Kolumne von Martin Mühlfenzl

Das mit dem Duzen ist ja so eine Sache. Es schafft eine Nähe, die nicht jedem unbedingt behagt. Ein ehemaliger Chefredakteur dieser Zeitung hat unlängst sogar behauptet, er sei dazu übergegangen, sich selbst wieder zu siezen. Nahe Verwandte und sehr enge Freunde, so war herauszulesen, rede er aber weiter mit Du an. Na immerhin, der Mensch soll sich ja nicht vollständig von seiner Umwelt abkapseln, das ist nicht gesund. Andererseits schreibt der Knigge jedem Volljährigen das Recht auf das Sie zu und das sollte dann schon auch für Ex-Vorgesetzte im Selbstgespräch gelten.

Ob sich Sauerlachs Bürgermeisterin Barbara Bogner selbst siezt, ist bisher nicht bekannt, die Mitglieder ihres Gemeinderats duzt die Rathauschefin jedenfalls, wie auch sie von diesen geduzt wird, wie diese Woche wieder zu erleben war. "Ja was machst'n du grad!?", rief sie unlängst dem CSU-Mann Roman Richter mit weit ausgebreiteten Armen zu; Richter hatte sich erlaubt, die Bauverwaltung im Rathaus ein wenig zu kritisieren - und Bogner wollte das nicht auf ihren Mitarbeiterinnen und Mitarbeitern sitzen lassen. Richters Retourkutsche an die Rathauschefin: "Wär' gut, wenn du eher mal als Vermittlerin zwischen Verwaltung und Gemeinderat auftreten würdest."

Im Berufsleben ist es ja meist so, dass der Ranghöhere oder Ältere dem Untergebenen oder Jüngeren das Du anbietet. Häufig ist es noch immer so, dass es umgekehrt als unhöflich empfunden werden kann. Wenn einem allerdings - wie es in manchen Konzernen mittlerweile der Unternehmenskultur geschuldet ist - aus der Chefetage das Duzen gewissermaßen aufgezwungen wird, kommt das auch nicht bei allen gut an. Es gaukelt eine Verbundenheit, eine lockere und moderne Atmosphäre vor, die kaum gegeben ist.

Da kommt das Sauerlacher Modell deutlich sympathischer rüber. Auf dem Land existiert die Nähe tatsächlich: Man kennt sich, man schätzt sich - und auch im Streit wird das Du nicht zur Waffe in der verbalen Auseinandersetzung. Es wirkt sympathisch, wenn sich selbst die Rathausangestellten und Gemeinderäte untereinander so unförmlich ansprechen.
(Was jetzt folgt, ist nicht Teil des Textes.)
(* Let $K$ be an infinite compact Hausdorff space. Then $sbiort_1(C(K))=hL(K)$, and consequently $hL(K)\leq sbiort(C(K))$.
   Context: For a Banach space $X$ and an ordinal $\alpha$, a transfinite sequence $(x_i,x_i^* )_{i<\alpha}\subseteq X\times X^*$ is semibiorthogonal if $x_i^*(x_i)=1$ for all $i$, $x_i^*(x_j)=0$ for $j<i<\alpha$, and $x_i^*(x_j)\geq0$ for $i<j<\alpha$. $sbiort(X)$ is the supremum of $|\alpha|$ over semibiorthogonal sequences of length $\alpha$. For $C(K)$ (continuous real functions, sup norm, dual = Radon measures), a measure is $1$-supported if it equals $a\delta_x$ for some $a\in\mathbb R$, $x\in K$; $sbiort_1(C(K))$ is the supremum of $|\alpha|$ over semibiorthogonal sequences $(f_i,\mu_i)_{i<\alpha}$ in $C(K)$ with every $\mu_i$ $1$-supported. $hL(K)=\sup\{L(Y):Y\subseteq K\}$, $L(Y)$ the least $\kappa$ such that every open cover of $Y$ has a subcover of size at most $\kappa$. *)

From Stdlib Require Import Reals List.
Open Scope R_scope.

Section Defs.
Context {T : Type}.

Definition is_topology (opn : (T -> Prop) -> Prop) : Prop :=
  opn (fun _ => True) /\ opn (fun _ => False) /\
  (forall A B, opn A -> opn B -> opn (fun x => A x /\ B x)) /\
  (forall F : (T -> Prop) -> Prop, (forall A, F A -> opn A) ->
     opn (fun x => exists A, F A /\ A x)).

Definition top_compact (opn : (T -> Prop) -> Prop) : Prop :=
  forall U : (T -> Prop) -> Prop, (forall A, U A -> opn A) ->
    (forall x, exists A, U A /\ A x) ->
    exists l : list (T -> Prop), Forall U l /\ (forall x, exists A, In A l /\ A x).

Definition top_hausdorff (opn : (T -> Prop) -> Prop) : Prop :=
  forall x y : T, x <> y -> exists A B, opn A /\ opn B /\ A x /\ B y /\
    (forall z, A z -> B z -> False).

Definition infinite_type : Prop := ~ exists l : list T, forall x, In x l.

Definition continuous_on (opn : (T -> Prop) -> Prop) (f : T -> R) : Prop :=
  forall a b : R, opn (fun x => a < f x < b).

Definition card_le (A C : Type) : Prop := exists g : A -> C, forall a b, g a = g b -> a = b.

(* A strict well-order on I (so (I, lt) is order-isomorphic to an ordinal). *)
Definition well_order {I : Type} (lt : I -> I -> Prop) : Prop :=
  (forall i, ~ lt i i) /\ (forall i j k, lt i j -> lt j k -> lt i k) /\
  (forall i j, lt i j \/ i = j \/ lt j i) /\ well_founded lt.

(* Elements of C(K)^*: linear functionals on C(K) bounded for the sup norm. *)
Definition in_dual (opn : (T -> Prop) -> Prop) (phi : (T -> R) -> R) : Prop :=
  (forall f g a b, continuous_on opn f -> continuous_on opn g ->
     phi (fun x => a * f x + b * g x) = a * phi f + b * phi g) /\
  exists M : R, forall f c, continuous_on opn f -> (forall x, Rabs (f x) <= c) ->
     Rabs (phi f) <= M * c.

Definition one_supported (opn : (T -> Prop) -> Prop) (phi : (T -> R) -> R) : Prop :=
  exists (a : R) (x : T), forall f, continuous_on opn f -> phi f = a * f x.

Definition semibiorthogonal {I : Type} (lt : I -> I -> Prop)
  (f : I -> T -> R) (phi : I -> (T -> R) -> R) : Prop :=
  (forall i, phi i (f i) = 1) /\
  (forall i j, lt j i -> phi i (f j) = 0) /\
  (forall i j, lt i j -> 0 <= phi i (f j)).

Definition sbiort_le (opn : (T -> Prop) -> Prop) (C : Type) : Prop :=
  forall (I : Type) (lt : I -> I -> Prop) (f : I -> T -> R) (phi : I -> (T -> R) -> R),
    well_order lt -> (forall i, continuous_on opn (f i)) ->
    (forall i, in_dual opn (phi i)) -> semibiorthogonal lt f phi -> card_le I C.

Definition sbiort1_le (opn : (T -> Prop) -> Prop) (C : Type) : Prop :=
  forall (I : Type) (lt : I -> I -> Prop) (f : I -> T -> R) (phi : I -> (T -> R) -> R),
    well_order lt -> (forall i, continuous_on opn (f i)) ->
    (forall i, in_dual opn (phi i)) -> (forall i, one_supported opn (phi i)) ->
    semibiorthogonal lt f phi -> card_le I C.

Definition lindelof_le (opn : (T -> Prop) -> Prop) (Y : T -> Prop) (C : Type) : Prop :=
  forall U : (T -> Prop) -> Prop, (forall A, U A -> opn A) ->
    (forall x, Y x -> exists A, U A /\ A x) ->
    exists V : (T -> Prop) -> Prop, (forall A, V A -> U A) /\
      (forall x, Y x -> exists A, V A /\ A x) /\ card_le {A : T -> Prop | V A} C.

Definition hL_le (opn : (T -> Prop) -> Prop) (C : Type) : Prop :=
  forall Y : T -> Prop, lindelof_le opn Y C.

End Defs.

(* If (f_i, a_i delta_{x_i}) is
   semibiorthogonal, then f_i(x_j) = 0 for i < j while f_i(x_i) <> 0, so the
   points x_i are right-separated by the open cozero sets of the f_i.  A
   right-separated family has at most hL(K) points; the counting argument
   uses |C * C| = |C| for infinite C (Hessenberg's theorem, proved here with
   Goedel's ordering of pairs) and the fact that hL(K) is infinite.

   Given an open cover of Y ⊆ K,
   well-order K and greedily select the points of Y not covered by the chosen
   neighbourhoods of earlier selected points.  Urysohn functions of these
   neighbourhoods together with the point evaluations at the selected points
   form a semibiorthogonal sequence, so at most |C| points are selected, and
   their neighbourhoods form a subcover. *)

From Pilot Require Import Defs.
From Stdlib Require Import Reals List Lra Lia Classical ClassicalEpsilon
  FunctionalExtensionality PropExtensionality ProofIrrelevance Wellfounded FinFun.

Module WellOrdering.
From mathcomp Require Import all_boot all_classical wochoice.

Lemma well_order_exists (A : Type) : exists lt : A -> A -> Prop, Defs.well_order lt.
Proof.
pose T' := {classic A}.
have [R HR] := well_ordering_principle T'.
have minP : forall P : T' -> Prop, (exists x, P x) ->
    exists z, P z /\ (forall x, P x -> R z x) /\
      (forall z', P z' -> (forall x, P x -> R z' x) -> z' = z).
  move=> P [x Px].
  have ne : wochoice.nonempty [pred y | `[< P y >]] by exists x; rewrite inE.
  have [z [[zP zmin] zu]] := HR _ ne.
  exists z; split; first by move: zP; rewrite inE.
  split; first by move=> y Py; apply: zmin; rewrite inE.
  move=> z' Pz' mz'; symmetry; apply: zu; split; first by rewrite inE.
  by move=> y; rewrite inE; apply: mz'.
have refl : forall x : T', R x x.
  move=> x; have [z [zx [zm _]]] := minP (fun y => y = x) (ex_intro _ x erefl).
  by rewrite -zx; apply: zm.
have tot : forall x y : T', R x y \/ R y x.
  move=> x y; have [z [[]-> [zm _]]] :=
    minP (fun w => w = x \/ w = y) (ex_intro _ x (or_introl erefl)).
    by left; apply: zm; right.
  by right; apply: zm; left.
have anti : forall x y : T', R x y -> R y x -> x = y.
  move=> x y Rxy Ryx.
  have [z [_ [_ zu]]] := minP (fun w => w = x \/ w = y) (ex_intro _ x (or_introl erefl)).
  rewrite (zu x (or_introl erefl)); last by move=> w [] ->.
  rewrite (zu y (or_intror erefl)) //; by move=> w [] ->.
have trR : forall x y z : T', R x y -> R y z -> R x z.
  move=> x y z Rxy Ryz.
  have [m [mP [mm _]]] :=
    minP (fun w => w = x \/ w = y \/ w = z) (ex_intro _ x (or_introl erefl)).
  case: mP => [mx|[my|mz]]; subst m.
  - by apply: mm; right; right.
  - by rewrite (anti _ _ Rxy (mm x (or_introl erefl))).
  - have E := anti _ _ Ryz (mm y (or_intror (or_introl erefl))); subst z.
    by rewrite (anti _ _ Rxy (mm x (or_introl erefl))).
exists (fun x y : A => R x y /\ x <> y); split; [|split; [|split]].
- by move=> a [_].
- move=> a b c [Rab nab] [Rbc nbc]; split; first exact: trR Rab Rbc.
  by move=> ac; subst c; apply: nab; exact: anti.
- move=> a b; case: (Classical_Prop.classic (a = b)) => [->|nab]; first by right; left.
  by have [H|H] := tot a b; [left|right; right]; split => // E; apply: nab.
- move=> a; apply: NNPP => Na.
  have [z [Nz [zm _]]] :=
    minP (fun z => ~ Acc (fun x y : A => R x y /\ x <> y) z) (ex_intro _ a Na).
  apply: Nz; constructor => y [Ryz nyz]; apply: NNPP => Ny.
  by apply: nyz; apply: anti => //; apply: zm.
Qed.

End WellOrdering.

Local Open Scope nat_scope.

Notation cid H := (constructive_indefinite_description _ H).
Notation emi := excluded_middle_informative.

Lemma sig_ext {A : Type} {P : A -> Prop} (a b : {x | P x}) :
  proj1_sig a = proj1_sig b -> a = b.
Proof.
  destruct a as [a Ha], b as [b Hb]; simpl; intros ->.
  f_equal; apply proof_irrelevance.
Qed.

Lemma card_le_refl (A : Type) : card_le A A.
Proof. exists (fun a => a); auto. Qed.

Lemma card_le_trans (A B C : Type) : card_le A B -> card_le B C -> card_le A C.
Proof. intros [f Hf] [g Hg]; exists (fun a => g (f a)); auto. Qed.

Lemma card_le_prod (A B A' B' : Type) :
  card_le A B -> card_le A' B' -> card_le (A * A') (B * B').
Proof.
  intros [f Hf] [g Hg]; exists (fun p => (f (fst p), g (snd p))).
  intros [a a'] [b b'] E; injection E; intros; f_equal; auto.
Qed.

Lemma card_le_sub (A : Type) (P Q : A -> Prop) :
  (forall a, P a -> Q a) -> card_le {a | P a} {a | Q a}.
Proof.
  intros H; exists (fun a => exist _ (proj1_sig a) (H _ (proj2_sig a))).
  intros a b E; apply sig_ext; exact (f_equal (@proj1_sig _ _) E).
Qed.

Lemma card_le_full (A : Type) : card_le A {a : A | True}.
Proof. exists (fun a => exist _ a I); intros a b E; injection E; auto. Qed.

Lemma card_full_le (A : Type) : card_le {a : A | True} A.
Proof. exists (@proj1_sig _ _); intros a b E; apply sig_ext; auto. Qed.

Lemma card_le_range (A B : Type) (g : A -> B) : card_le {b | exists a, b = g a} A.
Proof.
  exists (fun b : {b | exists a, b = g a} => proj1_sig (cid (proj2_sig b))).
  intros b1 b2 E; apply sig_ext.
  rewrite (proj2_sig (cid (proj2_sig b1))), (proj2_sig (cid (proj2_sig b2))), E.
  reflexivity.
Qed.

Lemma card_le_option (A : Type) : card_le nat A -> card_le (option A) A.
Proof.
  intros [e He].
  (* shift the copy of [nat] inside [A] by one, freeing [e 0] for [None] *)
  set (index := fun x (H : exists n, x = e n) => proj1_sig (cid H)).
  assert (Hindex : forall x H, x = e (index x H)) by (intros x H; exact (proj2_sig (cid H))).
  exists (fun o => match o with
    | None => e 0
    | Some x => match emi (exists n, x = e n) with
                | left H => e (S (index x H))
                | right _ => x end end).
  intros [x|] [y|]; simpl.
  - destruct (emi (exists n, x = e n)) as [Hx|Hx], (emi (exists n, y = e n)) as [Hy|Hy];
      intros E.
    + apply He in E; injection E as E.
      rewrite (Hindex x Hx), (Hindex y Hy), E; reflexivity.
    + exfalso; apply Hy; exists (S (index x Hx)); exact (eq_sym E).
    + exfalso; apply Hx; exists (S (index y Hy)); exact E.
    + rewrite E; reflexivity.
  - destruct (emi (exists n, x = e n)) as [Hx|Hx]; intros E.
    + apply He in E; discriminate.
    + exfalso; apply Hx; exists 0; exact E.
  - destruct (emi (exists n, y = e n)) as [Hy|Hy]; intros E.
    + apply He in E; discriminate.
    + exfalso; apply Hy; exists 0; exact (eq_sym E).
  - reflexivity.
Qed.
Generell übertragbar aber ist dieses Beispiel nicht. In Pullach oder Ottobrunn etwa wäre das Sauerlacher Modell unvorstellbar. Vor allem in der Isartalgemeinde bestünde die Gefahr, dass manch einer zu viel Dampf ablassen würde. Hier wird aufgrund der tiefen Gräben zwischen den Parteien auch so schon heftig genug miteinander gestritten. Das förmliche Sie sorgt dabei nicht unbedingt für Contenance.

Das zeigte sich schon 1984 im Bundestag, als der damals noch junge Grüne Joschka Fischer vom Bundestagsvizepräsidenten Richard Stücklen (CSU) aus dem Plenarsaal geworfen wurde. Im Rausgehen rief er dem Sitzungsleiter noch zu: "Mit Verlaub Herr, Herr Präsident, Sie sind ein Arschloch!" In Sauerlach wäre solches undenkbar.